WHAT THE TASK ASKS -> Below are entries; output exactly the lines from the one with "move=> c1_neq0 d1_neq0" to the one with "Lemma blaschke_cross_dilate_eq c1", both included, and nothing else.

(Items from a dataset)
(* Let $B_1$ and $B_2$ be finite Blaschke products of degrees $M$ and $N$ respectively, and let $0<r<1$. If $|B_1(z)|=|B_2(z)|$ for more than $2N+2M-1$ distinct points $z\in r\mathbb{T}$, then $B_2$ is a constant multiple of $B_1$.
   Context: $r\mathbb{T}=\{z\in\mathbb{C}:|z|=r\}$. A finite Blaschke product of degree $M$ is a function $c\prod_{j=1}^M\frac{z-\alpha_j}{1-\overline{\alpha_j}z}$ with $|c|=1$ and $\alpha_j$ in the open unit disc. *)

From HB Require Import structures.
From mathcomp Require Import all_boot all_order all_algebra.
From mathcomp Require Import complex.
Set Implicit Arguments. Unset Strict Implicit. Unset Printing Implicit Defensive.
Import Order.TTheory GRing.Theory Num.Theory.
Local Open Scope ring_scope.

Definition blaschke (R : rcfType) (c : R[i]) (s : seq R[i]) (z : R[i]) : R[i] :=
  c * \prod_(a <- s) ((z - a) / (1 - Num.conj a * z)).

Definition is_blaschke (R : rcfType) (c : R[i]) (s : seq R[i]) : Prop :=
  `|c| = 1 /\ (forall a, a \in s -> `|a| < 1).

From HB Require Import structures.
From mathcomp Require Import all_boot all_order all_algebra.
From mathcomp Require Import complex.
From mathcomp Require Import ring zify.
Import Order.TTheory GRing.Theory Num.Theory.
Local Open Scope ring_scope.
Set Implicit Arguments. Unset Strict Implicit.

(* Write B_k = c_k P_k / Q_k with P_k = prod (z - a) and Q_k = prod (1 - conj(a) z),
   and put p = P_1 Q_2, q = P_2 Q_1, of degree at most M + N.  For rho = r^-2 the
   dilation z |-> rho z is, on the circle |z| = r, the reflection z |-> 1 / conj z,
   which exchanges P and conj Q up to the factor conj(z)^deg.  Hence with
   (sigma f)(z) = f (rho z) the polynomial p sigma(q) - q sigma(p) equals
   (|p|^2 - |q|^2) / conj(z)^(M+N) on the circle; it vanishes wherever |B_1| = |B_2|
   and at 0, so it is identically zero by the degree bound 2(M+N).
   Once the gcd is divided out, p sigma(q) = q sigma(p) makes p and q eigenvectors
   of sigma with the same eigenvalue rho^deg; if that eigenvalue is not 1 then 0 is a
   common root, and since rho > 1 is not a root of unity both must be constants. *)

Lemma prodf_div_const (F : fieldType) (I : Type) (s : seq I) (f : I -> F) w :
  \prod_(i <- s) (f i / w) = (\prod_(i <- s) f i) / w ^+ size s.
Proof. by rewrite prodf_div big_const_seq count_predT iter_mulr_1. Qed.

Section Dilation.
Variables (F : fieldType) (rho : F).
Hypothesis rho_neq0 : rho != 0.
Implicit Types f g u v : {poly F}.

Definition dilate (f : {poly F}) : {poly F} := f \Po (rho *: 'X).

Lemma dilateM f g : dilate (f * g) = dilate f * dilate g.
Proof. exact: comp_polyM. Qed.

Lemma horner_dilate f x : (dilate f).[x] = f.[rho * x].
Proof. by rewrite horner_comp hornerZ hornerX. Qed.

Lemma size_scaleX : size (rho *: 'X : {poly F}) = 2.
Proof. by rewrite size_scale // size_polyX. Qed.

Lemma size_dilate f : size (dilate f) = size f.
Proof. exact: size_comp_poly2 size_scaleX. Qed.

Lemma dilate_eq0 f : (dilate f == 0) = (f == 0).
Proof. by rewrite -!size_poly_eq0 size_dilate. Qed.

Lemma lead_coef_dilate f : lead_coef (dilate f) = lead_coef f * rho ^+ (size f).-1.
Proof. by rewrite lead_coef_comp ?size_scaleX // lead_coefZ lead_coefX mulr1. Qed.

Lemma size_mul_dilateB n u v : (size u <= n.+1)%N -> (size v <= n.+1)%N ->
  (size (u * dilate v - v * dilate u)%R <= (2 * n).+1)%N.
Proof.
have size_mul (w1 w2 : {poly F}) : (size w1 <= n.+1)%N -> (size w2 <= n.+1)%N ->
    (size (w1 * dilate w2)%R <= (2 * n).+1)%N.
  move=> s1 s2; apply: leq_trans (size_polyMleq _ _) _; rewrite size_dilate; lia.
move=> su sv; apply: leq_trans (size_polyD _ _) _.
by rewrite geq_max size_polyN !size_mul.
Qed.

Lemma root_mul_dilateB0 u v : root (u * dilate v - v * dilate u) 0.
Proof. by rewrite rootE !hornerE !horner_dilate mulr0 mulrC subrr. Qed.

Lemma dilate_eigen_root0 u m :
  dilate u = rho ^+ m *: u -> rho ^+ m != 1 -> root u 0.
Proof.
move=> eu rho_m; have := horner_dilate u 0; rewrite eu hornerZ mulr0 => u0.
have : (1 - rho ^+ m) * u.[0] == 0 by rewrite mulrBl mul1r u0 subrr.
by rewrite mulf_eq0 subr_eq0 eq_sym (negPf rho_m) rootE.
Qed.

(* [u] divides [v * dilate u], hence [dilate u], which has the same size. *)
Lemma dilate_coprime_eigen u v : coprimep u v -> u != 0 ->
  u * dilate v = v * dilate u -> dilate u = rho ^+ (size u).-1 *: u.
Proof.
move=> cop_uv u_neq0 e.
have u_dvd : u %| dilate u by rewrite -(Gauss_dvdpr _ cop_uv) -e dvdp_mulr.
have : u %= dilate u by rewrite -(dvdp_size_eqp u_dvd) size_dilate.
move/eqp_eq; rewrite lead_coef_dilate => e_lead.
have lu : lead_coef u != 0 by rewrite lead_coef_eq0.
by apply: (@scalerI _ _ (lead_coef u)) => //; rewrite -e_lead scalerA mulrC.
Qed.

Hypothesis rho_not_unity : forall n, rho ^+ n.+1 != 1.

Lemma expr_rho_eq1 n : (rho ^+ n == 1) = (n == 0)%N.
Proof. by case: n => [|n]; rewrite ?expr0 ?eqxx // (negPf (rho_not_unity n)). Qed.

Lemma dilate_coprime_scale u v : coprimep u v -> u != 0 -> v != 0 ->
  u * dilate v = v * dilate u -> exists l, v = l *: u.
Proof.
move=> cop_uv u_neq0 v_neq0 e.
have eu := dilate_coprime_eigen cop_uv u_neq0 e.
have cop_vu : coprimep v u by rewrite coprimep_sym.
have ev := dilate_coprime_eigen cop_vu v_neq0 (esym e).
have e_rho : rho ^+ (size u).-1 = rho ^+ (size v).-1.
  have uv_neq0 : lead_coef (u * v) != 0 by rewrite lead_coef_eq0 mulf_neq0.
  apply: (mulIf uv_neq0).
  by rewrite -!lead_coefZ scalerAl -eu scalerAr -ev e mulrC.
have k0 : (size u).-1 = 0%N.
  apply/eqP; rewrite -expr_rho_eq1; apply/negPn/negP => rho_k.
  have u0 := dilate_eigen_root0 eu rho_k.
  have v0 : root v 0 by apply: (dilate_eigen_root0 ev); rewrite -e_rho.
  by move: (coprimep_root cop_uv u0); rewrite (rootP v0) eqxx.
have l0 : (size v).-1 = 0%N by apply/eqP; rewrite -expr_rho_eq1 -e_rho k0.
have uv : u %= v.
  rewrite (@eqp_ltrans _ _ 1); last by rewrite -size_poly_eq1 (polySpred u_neq0) k0.
  by rewrite eqp_sym -size_poly_eq1 (polySpred v_neq0) l0.
exists (lead_coef v / lead_coef u).
by rewrite mulrC -scalerA (eqp_eq uv) scalerA mulVf ?scale1r ?lead_coef_eq0.
Qed.

Lemma dilate_ratio_scale p q : p != 0 -> q != 0 ->
  p * dilate q = q * dilate p -> exists l, q = l *: p.
Proof.
move=> p_neq0 q_neq0 e.
have cop : coprimep (p %/ gcdp p q) (q %/ gcdp p q) by rewrite coprimep_div_gcd ?p_neq0.
have pg : p = p %/ gcdp p q * gcdp p q by rewrite divpK // dvdp_gcdl.
have qg : q = q %/ gcdp p q * gcdp p q by rewrite divpK // dvdp_gcdr.
move: cop pg qg e; set g := gcdp p q; set p' := p %/ g; set q' := q %/ g.
move=> cop pg qg e.
have g_neq0 : g != 0 by apply: contraNneq p_neq0 => g0; rewrite pg g0 mulr0.
have p'_neq0 : p' != 0 by apply: contraNneq p_neq0 => p'0; rewrite pg p'0 mul0r.
have q'_neq0 : q' != 0 by apply: contraNneq q_neq0 => q'0; rewrite qg q'0 mul0r.
have e' : p' * dilate q' = q' * dilate p'.
  have gg_neq0 : g * dilate g != 0 by rewrite mulf_neq0 ?dilate_eq0.
  apply: (mulIf gg_neq0); transitivity (p * dilate q).
    by rewrite pg qg !dilateM; ring.
  by rewrite e pg qg !dilateM; ring.
have [l ql] := dilate_coprime_scale cop p'_neq0 q'_neq0 e'.
by exists l; rewrite qg ql -scalerAl -pg.
Qed.
End Dilation.

Section BlaschkeFactors.
Variable C : numClosedFieldType.
Implicit Types (s : seq C) (z rho : C).

Definition blaschke_num s : {poly C} := \prod_(a <- s) ('X - a%:P).
Definition blaschke_den s : {poly C} := \prod_(a <- s) (1 - a^* *: 'X).

Lemma horner_blaschke_num s z : (blaschke_num s).[z] = \prod_(a <- s) (z - a).
Proof. by rewrite horner_prod; apply: eq_bigr => a _; rewrite hornerXsubC. Qed.

Lemma horner_blaschke_den s z : (blaschke_den s).[z] = \prod_(a <- s) (1 - a^* * z).
Proof. by rewrite horner_prod; apply: eq_bigr => a _; rewrite !hornerE. Qed.

Lemma size_blaschke_num s : size (blaschke_num s) = (size s).+1.
Proof. exact: size_prod_XsubC. Qed.

Lemma size_blaschke_den s : (size (blaschke_den s) <= (size s).+1)%N.
Proof.
elim: s => [|a s IH]; first by rewrite /blaschke_den big_nil size_poly1.
rewrite /blaschke_den big_cons -/(blaschke_den s).
have size_factor : (size (1 - a^* *: 'X : {poly C})%R <= 2)%N.
  apply: leq_trans (size_polyD _ _) _.
  by rewrite geq_max size_poly1 size_polyN (leq_trans (size_scale_leq _ _)) ?size_polyX.
apply: leq_trans (size_polyMleq _ _) _ => /=.
move: size_factor IH; move: (size (1 - a^* *: 'X : {poly C})%R) (size (blaschke_den s)) => m n; lia.
Qed.

Lemma horner_blaschke_den0 s : (blaschke_den s).[0] = 1.
Proof. by rewrite horner_blaschke_den big1 // => a _; rewrite mulr0 subr0. Qed.

Lemma blaschke_den_neq0 s : blaschke_den s != 0.
Proof.
by apply: contraNneq (oner_neq0 C) => den0; rewrite -(horner_blaschke_den0 s) den0 horner0.
Qed.

Lemma horner_blaschke_den_neq0 s z :
  `|z| < 1 -> (forall a, a \in s -> `|a| < 1) -> (blaschke_den s).[z] != 0.
Proof.
move=> z_lt1 s_lt1; rewrite horner_blaschke_den prodf_seq_neq0.
apply/allP => a /s_lt1 a_lt1; rewrite subr_eq0; apply: contraTneq isT => az.
have : `|a^* * z| < 1 by rewrite normrM norm_conjC mulr_ilt1.
by rewrite -az normr1 ltxx.
Qed.

Lemma dilation_conj_neq0 rho z : rho * (z * z^*) = 1 -> z^* != 0.
Proof. by move=> hz; apply/eqP => zc0; move/eqP: hz; rewrite zc0 !mulr0 eq_sym oner_eq0. Qed.

Lemma dilation_conjV rho z : rho * (z * z^*) = 1 -> rho * z = (z^*)^-1.
Proof.
move=> hz; apply: (mulIf (dilation_conj_neq0 hz)).
by rewrite mulVf ?(dilation_conj_neq0 hz) // -mulrA.
Qed.

Lemma horner_blaschke_num_reflect s rho z : rho * (z * z^*) = 1 ->
  (blaschke_num s).[rho * z] = (blaschke_den s).[z]^* / z^* ^+ size s.
Proof.
move=> hz; have := dilation_conj_neq0 hz.
rewrite (dilation_conjV hz) horner_blaschke_num horner_blaschke_den rmorph_prod.
rewrite -prodf_div_const => zc_neq0; apply: eq_bigr => a _.
by rewrite rmorphB rmorph1 rmorphM /= conjCK; field.
Qed.

Lemma horner_blaschke_den_reflect s rho z : rho * (z * z^*) = 1 ->
  (blaschke_den s).[rho * z] = (blaschke_num s).[z]^* / z^* ^+ size s.
Proof.
move=> hz; have := dilation_conj_neq0 hz.
rewrite (dilation_conjV hz) horner_blaschke_num horner_blaschke_den rmorph_prod.
rewrite -prodf_div_const => zc_neq0; apply: eq_bigr => a _.
by rewrite rmorphB /=; field.
Qed.

Definition blaschke_cross s1 s2 : {poly C} := blaschke_num s1 * blaschke_den s2.

Lemma blaschke_cross_neq0 s1 s2 : blaschke_cross s1 s2 != 0.
Proof.
by rewrite mulf_neq0 ?blaschke_den_neq0 // -size_poly_eq0 size_blaschke_num.
Qed.

Lemma size_blaschke_cross s1 s2 :
  (size (blaschke_cross s1 s2) <= (size s1 + size s2).+1)%N.
Proof.
apply: leq_trans (size_polyMleq _ _) _.
by rewrite size_blaschke_num addSn /= -addnS leq_add2l size_blaschke_den.
Qed.

Lemma horner_blaschke_cross_reflect s1 s2 rho z : rho * (z * z^*) = 1 ->
  (blaschke_cross s1 s2).[rho * z] =
    (blaschke_cross s2 s1).[z]^* / z^* ^+ (size s1 + size s2).
Proof.
move=> hz; rewrite !hornerM horner_blaschke_num_reflect // horner_blaschke_den_reflect //.
by rewrite rmorphM /= exprD invfM; ring.
Qed.

Lemma root_blaschke_cross_dilateB s1 s2 rho z : rho * (z * z^*) = 1 ->
  `|(blaschke_cross s1 s2).[z]| = `|(blaschke_cross s2 s1).[z]| ->
  root (blaschke_cross s1 s2 * dilate rho (blaschke_cross s2 s1)
        - blaschke_cross s2 s1 * dilate rho (blaschke_cross s1 s2)) z.
Proof.
move=> hz norm_pq; rewrite rootE hornerD hornerN.
rewrite (hornerM (blaschke_cross s1 s2)) (hornerM (blaschke_cross s2 s1)).
rewrite !horner_dilate !horner_blaschke_cross_reflect // addnC !mulrA.
by rewrite -!normCK norm_pq subrr.
Qed.

End BlaschkeFactors.

Section BlaschkeProducts.
Variable R : rcfType.
Implicit Types (c : R[i]) (s : seq R[i]) (z : R[i]).

Lemma blaschkeE c s z :
  blaschke c s z = c * ((blaschke_num s).[z] / (blaschke_den s).[z]).
Proof. by rewrite /blaschke prodf_div horner_blaschke_num horner_blaschke_den. Qed.

Lemma norm_blaschke_cross c1 c2 s1 s2 z : `|c1| = 1 -> `|c2| = 1 ->
  (blaschke_den s1).[z] != 0 -> (blaschke_den s2).[z] != 0 ->
  `|blaschke c1 s1 z| = `|blaschke c2 s2 z| ->
  `|(blaschke_cross s1 s2).[z]| = `|(blaschke_cross s2 s1).[z]|.
Proof.
move=> c1_unit c2_unit d1_neq0 d2_neq0.
rewrite !blaschkeE !normrM c1_unit c2_unit !mul1r !normfV => /eqP.
by rewrite eqr_div ?normr_eq0 // !hornerM !normrM => /eqP.
Qed.

Lemma blaschke_cross_scale c1 c2 s1 s2 l z : c1 != 0 ->
  (blaschke_den s1).[z] != 0 -> (blaschke_den s2).[z] != 0 ->
  blaschke_cross s2 s1 = l *: blaschke_cross s1 s2 ->
  blaschke c2 s2 z = c2 * l / c1 * blaschke c1 s1 z.
Proof.
move=> c1_neq0 d1_neq0 d2_neq0 /(congr1 (horner^~ z)).
rewrite hornerZ !hornerM !blaschkeE => e.
have -> : (blaschke_num s2).[z] / (blaschke_den s2).[z] =
    l * ((blaschke_num s1).[z] / (blaschke_den s1).[z]).
  apply: (mulIf d1_neq0); apply: (mulIf d2_neq0).
  by rewrite mulrAC divfK // e -(mulrA l) divfK // mulrA.
by rewrite !mulrA divfK.
Qed.

Lemma blaschke_cross_dilate_eq c1 c2 s1 s2 rho (S : seq R[i]) :
  `|c1| = 1 -> `|c2| = 1 ->
  (forall a, a \in s1 -> `|a| < 1) -> (forall a, a \in s2 -> `|a| < 1) ->
  rho != 0 -> uniq S -> (2 * (size s1 + size s2) <= size S)%N ->
  (forall z, z \in S -> `|z| < 1) ->
  (forall z, z \in S -> rho * (z * z^*) = 1) ->
  (forall z, z \in S -> `|blaschke c1 s1 z| = `|blaschke c2 s2 z|) ->
  blaschke_cross s1 s2 * dilate rho (blaschke_cross s2 s1) =
    blaschke_cross s2 s1 * dilate rho (blaschke_cross s1 s2).
Proof.
move=> c1_unit c2_unit s1_disc s2_disc rho_neq0 S_uniq S_size S_disc S_dilation S_norm.
apply/eqP; rewrite -subr_eq0; apply/eqP.
apply: (@roots_geq_poly_eq0 _ _ (0 :: S)) => /=.
- rewrite root_mul_dilateB0; apply/allP => z zS.
  apply: root_blaschke_cross_dilateB (S_dilation z zS) _.
  by apply: norm_blaschke_cross (S_norm z zS) => //; apply: horner_blaschke_den_neq0;
    rewrite ?S_disc.
- rewrite S_uniq andbT; apply/negP => /S_dilation.
  by rewrite mul0r mulr0 => /eqP; rewrite eq_sym oner_eq0.
- apply: leq_trans (size_mul_dilateB rho_neq0 (n := size s1 + size s2) _ _) _.
  + by rewrite size_blaschke_cross.
  + by rewrite addnC size_blaschke_cross.
  + by rewrite ltnS.
Qed.

End BlaschkeProducts.

Theorem theorem2p11 (R : rcfType) (M N : nat)
    (c1 c2 : R[i]) (s1 s2 : seq R[i]) (r : R) :
  is_blaschke c1 s1 -> size s1 = M ->
  is_blaschke c2 s2 -> size s2 = N ->
  0 < r -> r < 1 ->
  (exists S : seq R[i],
      [/\ uniq S,
          (2 * N + 2 * M <= size S)%N (* i.e. size S > 2N + 2M - 1 *),
          (forall z, z \in S -> `|z| = (r%:C)%C) &
          (forall z, z \in S -> `|blaschke c1 s1 z| = `|blaschke c2 s2 z|)]) ->
  exists lambda : R[i], forall z : R[i], `|z| < 1 ->
    blaschke c2 s2 z = lambda * blaschke c1 s1 z.
Proof.
move=> [c1_unit s1_disc] s1M [c2_unit s2_disc] s2N r_gt0 r_lt1.
move=> [S [S_uniq S_size S_circle S_norm]].
have rC_gt0 : (0 : R[i]) < (r%:C)%C by rewrite ltcR.
set rho := ((r%:C)%C ^+ 2)^-1.
have rho_gt1 : 1 < rho by rewrite invf_gt1 ?exprn_gt0 // expr_lt1 ?ltW // ltcR.
have rho_not_unity n : rho ^+ n.+1 != 1 by rewrite gt_eqF // exprn_egt1.
have rho_neq0 : rho != 0 by rewrite gt_eqF // (lt_trans ltr01).
have S_dilation z : z \in S -> rho * (z * z^*) = 1.
  by move=> zS; rewrite -normCK S_circle // mulVf // expf_neq0 // gt_eqF.
have S_disc z : z \in S -> `|z| < 1 by move=> zS; rewrite S_circle // ltcR.
have S_size' : (2 * (size s1 + size s2) <= size S)%N by rewrite s1M s2N; lia.
have pq := blaschke_cross_dilate_eq c1_unit c2_unit s1_disc s2_disc rho_neq0 S_uniq
  S_size' S_disc S_dilation S_norm.
have c1_neq0 : c1 != 0 by rewrite -normr_eq0 c1_unit oner_eq0.
have [l ql] := dilate_ratio_scale rho_neq0 rho_not_unity (blaschke_cross_neq0 s1 s2)
  (blaschke_cross_neq0 s2 s1) pq.
exists (c2 * l / c1) => z z_disc.
by apply: blaschke_cross_scale; rewrite ?horner_blaschke_den_neq0.
Qed.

FINAL ANSWER ->
move=> c1_neq0 d1_neq0 d2_neq0 /(congr1 (horner^~ z)).
rewrite hornerZ !hornerM !blaschkeE => e.
have -> : (blaschke_num s2).[z] / (blaschke_den s2).[z] =
    l * ((blaschke_num s1).[z] / (blaschke_den s1).[z]).
  apply: (mulIf d1_neq0); apply: (mulIf d2_neq0).
  by rewrite mulrAC divfK // e -(mulrA l) divfK // mulrA.
by rewrite !mulrA divfK.
Qed.

Lemma blaschke_cross_dilate_eq c1 c2 s1 s2 rho (S : seq R[i]) :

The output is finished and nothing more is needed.